Aber Mulder merkte schnell, dass er auf einem verlorenen Posten gelandet war.
Diese Hilflosigkeit habe ihn fertiggemacht, sagt er, die völlige Unmöglichkeit (...)

Abb. 2: Statistische Auswertung von Textbeispiel 2

Beschreibung und Interpretation:
In dieser Textpassage finden sich 88 klassische deutsche Wörter. Die Studierenden hatten Schwierigkeiten mit dem Wort Posten, das bei Grimm & Grimm (1866, Stichwort Posten) lediglich je einen mittelhochdeutschen und einen alemannischen Beleg erfährt und auch im deutschen Wiktionary keinen Ursprungsbeleg hat, dort aber in allen Übersetzungsvorschlägen außer in andere germanische Sprachen (das Schwedische) anderslautende Belege erfährt. Die Studierenden gingen daher zunächst von einem germanischen Wort aus. Tatsächlich lässt sich der Begriff auf das Mittelhochdeutsche pfost oder pfoste zurückführen, der wiederum auf den althochdeutschen Begriff pfosto zurückreicht, welcher aber vom Lateinischen postis übernommen wurde. So handelt es sich in der Tat um ein sehr altes Lehnwort. Schwierigkeiten dieser Art verdeutlichen, dass die etymologische Arbeit mit Studierenden mit anderer Sprachherkunft nicht unproblematisch ist, zumal nicht jede Recherchearbeit im Detail rücküberprüft werden konnte. Dennoch ist davon auszugehen, dass die problematischen Fälle im Unterricht erkannt und thematisiert wurden und kaum ein oder gar kein Fehler in diese Auswertung gelangt ist; zumindest dürfte das Ergebnis nicht signifikant verfälscht worden sein.

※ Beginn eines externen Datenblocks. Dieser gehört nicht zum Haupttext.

(* Let $1\le k\le n$, let $\mathrm{St}(n,k)=\{Y\in\mathbb{R}^{n\times k}: Y^\top Y=I_k\}$ carry the metric $\langle V,W\rangle=2\operatorname{tr}(V^\top W)$ (the ''Euclidean metric''), fix $X\in \mathrm{St}(n,k)$, and let $\beta\colon I\to T_X\mathrm{St}(n,k)$ be a curve ($I$ an interval containing $0$). Let $u(t)=\big(\dot\beta(t)X^\top-X\dot\beta(t)^\top,\;X^\top\dot\beta(t)\big)\in\mathfrak p$. Let $S\colon I\to O(\mathfrak p)$, $q=(R,\theta)\colon I\to O(n)\times O(k)$ and $T\colon I\to O(N_X\mathrm{St}(n,k))$ be the solutions (assumed defined on $I$) of $$\dot S(t)=-\tfrac12\,\mathrm{pr}_{\mathfrak p}\circ \mathrm{ad}_{S(t)u(t)}\circ S(t),\quad S(0)=\mathrm{id}_{\mathfrak p},$$ $$(\dot R(t),\dot\theta(t))=(R(t)\xi_1(t),\theta(t)\xi_2(t)),\quad (R(0),\theta(0))=(I_n,I_k),\quad\text{where }(\xi_1(t),\xi_2(t)):=S(t)u(t),$$ $$\dot T(t)=-P_X^\perp\circ f_{(\xi_1(t),\xi_2(t))}\circ T(t),\quad T(0)=\mathrm{id}_{N_X\mathrm{St}(n,k)}.$$ Define $\widehat\beta(t)=R(t)X\theta(t)^\top$, define $B(t)\colon T_X\mathrm{St}(n,k)\to T_{\widehat\beta(t)}\mathrm{St}(n,k)$ by $B(t)V=R(t)(\eta_1X-X\eta_2)\theta(t)^\top$ where $(\eta_1,\eta_2)=S(t)\big(VX^\top-XV^\top,\,X^\top V\big)$, and define $C(t)\colon N_X\mathrm{St}(n,k)\to N_{\widehat\beta(t)}\mathrm{St}(n,k)$ by $C(t)W=R(t)\,(T(t)W)\,\theta(t)^\top$. Then $(\beta(t),\widehat\beta(t),B(t),C(t))$ is an extrinsic rolling of $T_X\mathrm{St}(n,k)$ over $\mathrm{St}(n,k)$ with respect to the Euclidean metric.
   Context: $O(n)\times O(k)$ acts on $\mathbb{R}^{n\times k}$ by $\Phi_{(R,\theta)}(V)=RV\theta^\top$. Its Lie algebra $\mathfrak g=\mathfrak{so}(n)\times\mathfrak{so}(k)$ carries the $\mathrm{Ad}$-invariant scalar product $\langle(\Omega_1,\Psi_1),(\Omega_2,\Psi_2)\rangle=-\operatorname{tr}(\Omega_1\Omega_2)+2\operatorname{tr}(\Psi_1\Psi_2)$; $\mathfrak h=\{(\Omega,\eta)\in\mathfrak g:\Omega X=X\eta\}$ is the Lie algebra of the stabilizer $H$ of $X$, $\mathfrak p=\mathfrak h^\perp$, and $\mathrm{pr}_{\mathfrak p}\colon\mathfrak g\to\mathfrak p$ (projection along $\mathfrak h$) is $\mathrm{pr}_{\mathfrak p}(\Omega,\eta)=(XX^\top\Omega+\Omega XX^\top-2X\eta X^\top,\;X^\top\Omega X-\eta)$. $\mathrm{ad}_Y Z=[Y,Z]$ (componentwise commutator) and $O(\mathfrak p)$ is the group of linear maps of $\mathfrak p$ preserving $\langle\cdot,\cdot\rangle$. $T_Y\mathrm{St}(n,k)=\{V: Y^\top V+V^\top Y=0\}$, $N_Y\mathrm{St}(n,k)$ is its orthogonal complement in $\mathbb{R}^{n\times k}$ for the Frobenius product, $P_Y^\perp(V)=\tfrac12 Y(Y^\top V+V^\top Y)$ is the orthogonal projection onto $N_Y\mathrm{St}(n,k)$, and $f_{(\xi_1,\xi_2)}(V)=\xi_1V-V\xi_2$. The linear subspace $T_X\mathrm{St}(n,k)\subset\mathbb{R}^{n\times k}$ is viewed as a submanifold with tangent space $T_X\mathrm{St}(n,k)$ and normal space $N_X\mathrm{St}(n,k)$ at every point. An extrinsic rolling of a submanifold $M$ over a submanifold $\widehat M$ of equal dimension (both isometrically embedded in the same pseudo-Euclidean space) is a quadruple $(\alpha,\widehat\alpha,A,C)$ of curves $\alpha$ in $M$, $\widehat\alpha$ in $\widehat M$ and linear isometries $A(t)\colon T_{\alpha(t)}M\to T_{\widehat\alpha(t)}\widehat M$, $C(t)\colon N_{\alpha(t)}M\to N_{\widehat\alpha(t)}\widehat M$ such that: $\dot{\widehat\alpha}(t)=A(t)\dot\alpha(t)$; $A(t)Z(t)$ is parallel (Levi-Civita) along $\widehat\alpha$ iff $Z$ is parallel along $\alpha$; and $C(t)Z(t)$ is normal parallel along $\widehat\alpha$ iff $Z$ is normal parallel along $\alpha$, where a normal vector field $Z$ along a curve $c$ is normal parallel if the normal component of $\tfrac{d}{dt}Z(t)$ vanishes. On $T_X\mathrm{St}(n,k)$ parallel (tangent or normal) fields along curves are the constant ones. *)

From HB Require Import structures.
From mathcomp Require Import all_boot all_order all_algebra.
From mathcomp Require Import all_classical all_reals all_analysis.
Set Implicit Arguments. Unset Strict Implicit. Unset Printing Implicit Defensive.
Import Order.TTheory GRing.Theory Num.Theory numFieldNormedType.Exports.
Local Open Scope classical_set_scope.
Local Open Scope ring_scope.

Section StiefelRolling.
Variable R : realType.

(** ** Derivatives of curves, relative to a (possibly closed/half-open)
    interval [I]: at endpoints this is the one-sided derivative. *)
Definition has_deriv_in (I : set R) (f : R -> R) (t d : R) : Prop :=
  (fun h : R => h^-1 * (f (t + h) - f t)) @ within (fun h => I (t + h)) (0 : R)^' --> (d : R).

Definition mx_deriv_in m p (I : set R) (F : R -> 'M[R]_(m, p)) (t : R)
  (D : 'M[R]_(m, p)) : Prop :=
  forall i j, has_deriv_in I (fun s => F s i j) t (D i j).

Definition eucl m p (V W : 'M[R]_(m, p)) : R := 2 * \tr (V^T *m W).

Definition Stiefel n k : set 'M[R]_(n, k) := [set Y | Y^T *m Y = 1%:M].

Definition TSt n k (Y : 'M[R]_(n, k)) : set 'M[R]_(n, k) :=
  [set V | Y^T *m V + V^T *m Y = 0].

Definition NSt n k (Y : 'M[R]_(n, k)) : set 'M[R]_(n, k) :=
  [set W | forall V, TSt Y V -> eucl V W = 0].

Definition Pperp n k (Y V : 'M[R]_(n, k)) : 'M[R]_(n, k) :=
  2^-1 *: (Y *m (Y^T *m V + V^T *m Y)).

Definition orthmx n (Q : 'M[R]_n) : Prop := Q^T *m Q = 1%:M.

Definition gT n k := ('M[R]_n * 'M[R]_k)%type.

Definition gadd n k (x y : gT n k) : gT n k := (x.1 + y.1, x.2 + y.2).
Definition gscale n k (a : R) (x : gT n k) : gT n k := (a *: x.1, a *: x.2).

Definition skew m (A : 'M[R]_m) : Prop := A^T = - A.

Definition g_sub n k : set (gT n k) := [set x | skew x.1 /\ skew x.2].

Definition ginner n k (x y : gT n k) : R :=
  - \tr (x.1 *m y.1) + 2 * \tr (x.2 *m y.2).

(* Lie algebra of the stabilizer H of X *)
Definition h_sub n k (X : 'M[R]_(n, k)) : set (gT n k) :=
  [set x | g_sub x /\ x.1 *m X = X *m x.2].

Definition p_sub n k (X : 'M[R]_(n, k)) : set (gT n k) :=
  [set x | g_sub x /\ forall y, h_sub X y -> ginner x y = 0].

Definition prp n k (X : 'M[R]_(n, k)) (x : gT n k) : gT n k :=
  (X *m X^T *m x.1 + x.1 *m X *m X^T - 2%:R *: (X *m x.2 *m X^T),
   X^T *m x.1 *m X - x.2).

Definition gad n k (y z : gT n k) : gT n k :=
  (y.1 *m z.1 - z.1 *m y.1, y.2 *m z.2 - z.2 *m y.2).

Definition fxi n k (xi : gT n k) (V : 'M[R]_(n, k)) : 'M[R]_(n, k) :=
  xi.1 *m V - V *m xi.2.

Definition pvec n k (X V : 'M[R]_(n, k)) : gT n k :=
  (V *m X^T - X *m V^T, X^T *m V).

Definition g_deriv_in n k (I : set R) (F : R -> gT n k) (t : R) (D : gT n k)
  : Prop :=
  mx_deriv_in I (fun s => (F s).1) t D.1 /\ mx_deriv_in I (fun s => (F s).2) t D.2.

Definition Op n k (X : 'M[R]_(n, k)) (L : gT n k -> gT n k) : Prop :=
  [/\ (forall x, p_sub X x -> p_sub X (L x)),
      (forall a x y, p_sub X x -> p_sub X y ->
        L (gadd (gscale a x) y) = gadd (gscale a (L x)) (L y))
    & forall x y, p_sub X x -> p_sub X y -> ginner (L x) (L y) = ginner x y].

Definition lin_isom n k (U W : set 'M[R]_(n, k)) (L : 'M[R]_(n, k) -> 'M[R]_(n, k))
  : Prop :=
  [/\ (forall v, U v -> W (L v)),
      (forall a v w, U v -> U w -> L (a *: v + w) = a *: L v + L w)
    & forall v w, U v -> U w -> eucl (L v) (L w) = eucl v w].

(** ** Extrinsic rolling.  A submanifold is given by its point set together
    with its families of tangent and normal spaces. *)

(* Z is (Levi-Civita) parallel along c: Z tangent, differentiable, and the
   tangential component of dZ/dt vanishes, i.e. dZ/dt is normal. *)
Definition tparallel n k (I : set R) (TM NM : 'M[R]_(n, k) -> set 'M[R]_(n, k))
  (c Z : R -> 'M[R]_(n, k)) : Prop :=
  (forall t, I t -> TM (c t) (Z t)) /\
  exists D : R -> 'M[R]_(n, k),
    (forall t, I t -> mx_deriv_in I Z t (D t)) /\ (forall t, I t -> NM (c t) (D t)).

(* Z is normal parallel along c: Z normal, differentiable, and the normal
   component of dZ/dt vanishes, i.e. dZ/dt is tangent. *)
Definition nparallel n k (I : set R) (TM NM : 'M[R]_(n, k) -> set 'M[R]_(n, k))
  (c Z : R -> 'M[R]_(n, k)) : Prop :=
  (forall t, I t -> NM (c t) (Z t)) /\
  exists D : R -> 'M[R]_(n, k),
    (forall t, I t -> mx_deriv_in I Z t (D t)) /\ (forall t, I t -> TM (c t) (D t)).

Definition mx_differentiable_in n k (I : set R) (Z : R -> 'M[R]_(n, k)) : Prop :=
  exists D : R -> 'M[R]_(n, k), forall t, I t -> mx_deriv_in I Z t (D t).

Definition extrinsic_rolling n k (I : set R)
  (M : set 'M[R]_(n, k)) (TM NM : 'M[R]_(n, k) -> set 'M[R]_(n, k))
  (Mh : set 'M[R]_(n, k)) (TMh NMh : 'M[R]_(n, k) -> set 'M[R]_(n, k))
  (alpha alphah : R -> 'M[R]_(n, k))
  (A C : R -> 'M[R]_(n, k) -> 'M[R]_(n, k)) : Prop :=
  [/\ (forall t, I t -> M (alpha t) /\ Mh (alphah t)) /\
      (forall t, I t -> lin_isom (TM (alpha t)) (TMh (alphah t)) (A t)) /\
      (forall t, I t -> lin_isom (NM (alpha t)) (NMh (alphah t)) (C t)),
      (exists Da Dah : R -> 'M[R]_(n, k),
        [/\ (forall t, I t -> mx_deriv_in I alpha t (Da t)),
            (forall t, I t -> mx_deriv_in I alphah t (Dah t))
          & forall t, I t -> Dah t = A t (Da t)]),
      (forall Z : R -> 'M[R]_(n, k),
        (forall t, I t -> TM (alpha t) (Z t)) -> mx_differentiable_in I Z ->
        (tparallel I TMh NMh alphah (fun t => A t (Z t)) <->
         tparallel I TM NM alpha Z))
    & (forall Z : R -> 'M[R]_(n, k),
        (forall t, I t -> NM (alpha t) (Z t)) -> mx_differentiable_in I Z ->
        (nparallel I TMh NMh alphah (fun t => C t (Z t)) <->
         nparallel I TM NM alpha Z))].

End StiefelRolling.

From Pilot Require Import Defs.
From HB Require Import structures.
From mathcomp Require Import all_boot all_order all_algebra.
From mathcomp Require Import all_classical all_reals all_analysis.
From mathcomp Require Import ring lra.
Import Order.TTheory GRing.Theory Num.Theory numFieldNormedType.Exports.
Local Open Scope classical_set_scope.
Local Open Scope ring_scope.
Set Implicit Arguments. Unset Strict Implicit. Unset Printing Implicit Defensive.

(* Acting by q(t) = (R(t), θ(t)) carries T_X St and N_X St isometrically onto
   the tangent and normal spaces at β̂(t) = R X θ^T.  Composing with the isometry
   S(t) of p ≅ T_X St (resp. T(t) of N_X St) shows that B(t) (resp. C(t)) is a
   linear isometry, and the equation for q gives dβ̂/dt = B(t) β̇.
   Differentiating B(t) Z(t) yields B(t) applied to the tangential part of Ż
   plus a frame term, which the equations for S and q make normal at β̂(t);
   dually, the derivative of C(t) Z(t) is C(t) applied to the normal part of Ż
   plus a frame term that the equations for T and q make tangent.  So the
   tangential (resp. normal) part of the derivative vanishes iff Ż is normal
   (resp. tangent), i.e. iff Z is parallel in the flat space T_X St. *)

(** * Derivatives relative to a set *)

Section DerivIn.
Variables (R : realType) (I : set R).

Definition quotient_filter (t : R) : set_system R :=
  within (fun h : R => I (t + h)) (0 : R)^'.

(* At an isolated point of [I] the difference-quotient filter is trivial and
   every value is a derivative. *)
Definition isolated_in (t : R) : Prop := quotient_filter t set0.

Lemma has_deriv_in_isolated t f d : isolated_in t -> has_deriv_in I f t d.
Proof. by move=> t_iso A _; apply: filterS t_iso. Qed.

Lemma has_deriv_in_unique t f d1 d2 : ~ isolated_in t ->
  has_deriv_in I f t d1 -> has_deriv_in I f t d2 -> d1 = d2.
Proof.
move=> t_acc f_d1 f_d2.
have : ProperFilter (quotient_filter t).
  by constructor; [exact: t_acc | exact: within_filter].
by move=> PF; exact: (norm_cvg_unique f_d1 f_d2).
Qed.

Lemma near_quotient_filter_nz t : \forall h \near quotient_filter t, h != 0.
Proof. exact: cvg_within (nbhs_dnbhs_neq (0 : R)). Qed.

Lemma has_deriv_in_cst t (c : R) : has_deriv_in I (fun=> c) t 0.
Proof.
rewrite /has_deriv_in subrr.
by under eq_fun do rewrite mulr0; exact: cvg_cst.
Qed.

Lemma has_deriv_inD t f g df dg : has_deriv_in I f t df -> has_deriv_in I g t dg ->
  has_deriv_in I (fun s => f s + g s) t (df + dg).
Proof.
move=> f_df g_dg; rewrite /has_deriv_in.
under eq_fun do rewrite opprD addrACA mulrDr.
exact: cvgD.
Qed.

Wir haben überdies ein Kompositum (Wirtschaftsstudium), das aus einem lateinischen und einem deutschstämmigen Wort zusammengesetzt ist. Es wurde hier ebenfalls den lateinischen Wörtern zugerechnet. Werden erneut Namen und Zahlen aus der Statistik entfernt, blieben wieder deutlich über 90 Prozent deutschstämmiger Wörter; diesmal finden sich in geringem Umfang Lehnwörter aus dem Lateinischen und dem Französischen, erneut aber kein Lehnwort aus dem Englischen.
Beispiel 3:
Christian Zaschke, „Empire Burlesque“ (Süddeutsche Zeitung, Dienstag, den 14. Mai 2013), Textanfang (ab dem zweiten Absatz)
Seit nicht einmal einer Woche sitzt das britische Parlament nach der Osterpause wieder zusammen, und schon geht es in Camerons Partei wieder drunter und drüber. Minister widersprechen dem Chef öffentlich, Hinterbänkler zetteln Aufstände an, ehemalige Tory-Granden erschüttern in nonchalanter Brutalität den Parteifrieden. Vermutlich pilgert die Opposition jeden Tag geschlossen vom Parlament rüber zur Westminster Abbey, zündet dort dankbar Kerzen an und betet, dass dieser politische Irrsinn noch lange so weitergeht. Was kann es Schöneres geben für Labour, als eine Regierungspartei, die sich mit Wonne selbst zerfleischt? Die sich in einer Gründlichkeit lächerlich macht, dass man glauben muss, die Lächerlichkeit wäre (...)

Abb. 3: Statistische Auswertung von Textbeispiel 3

Beschreibung und Interpretation:
81 Wörter wurden hier als klassisches deutsches Vokabular gewertet, obwohl es erneut einige Diskussionspunkte gab. Insbesondere wurde diskutiert, ob die adjektivische Ortsangabe britisch als Ableitung eines Namens zu werten ist; hier fiel die Entscheidung zugunsten der Namenskategorie.

Die Etymologie des Wortes Kerze ist unsicher. In jedem Fall gibt es bereits im Althochdeutschen die Begriffe cherzâ, charza und charz, aber die weitere Herkunft scheint unklar zu sein; möglicherweise handelt es sich um ein Lehnwort aus dem Lateinischen candela, Talglicht (Grimm & Grimm 1866, Stichwort: Kerze). Da dies aber unsicher ist und die ,deutsche Tradition’ zumindest sehr weit zurückreicht, haben wir uns hier entschieden, ebenfalls ein ,klassisches deutsches Wort’ zu vermuten.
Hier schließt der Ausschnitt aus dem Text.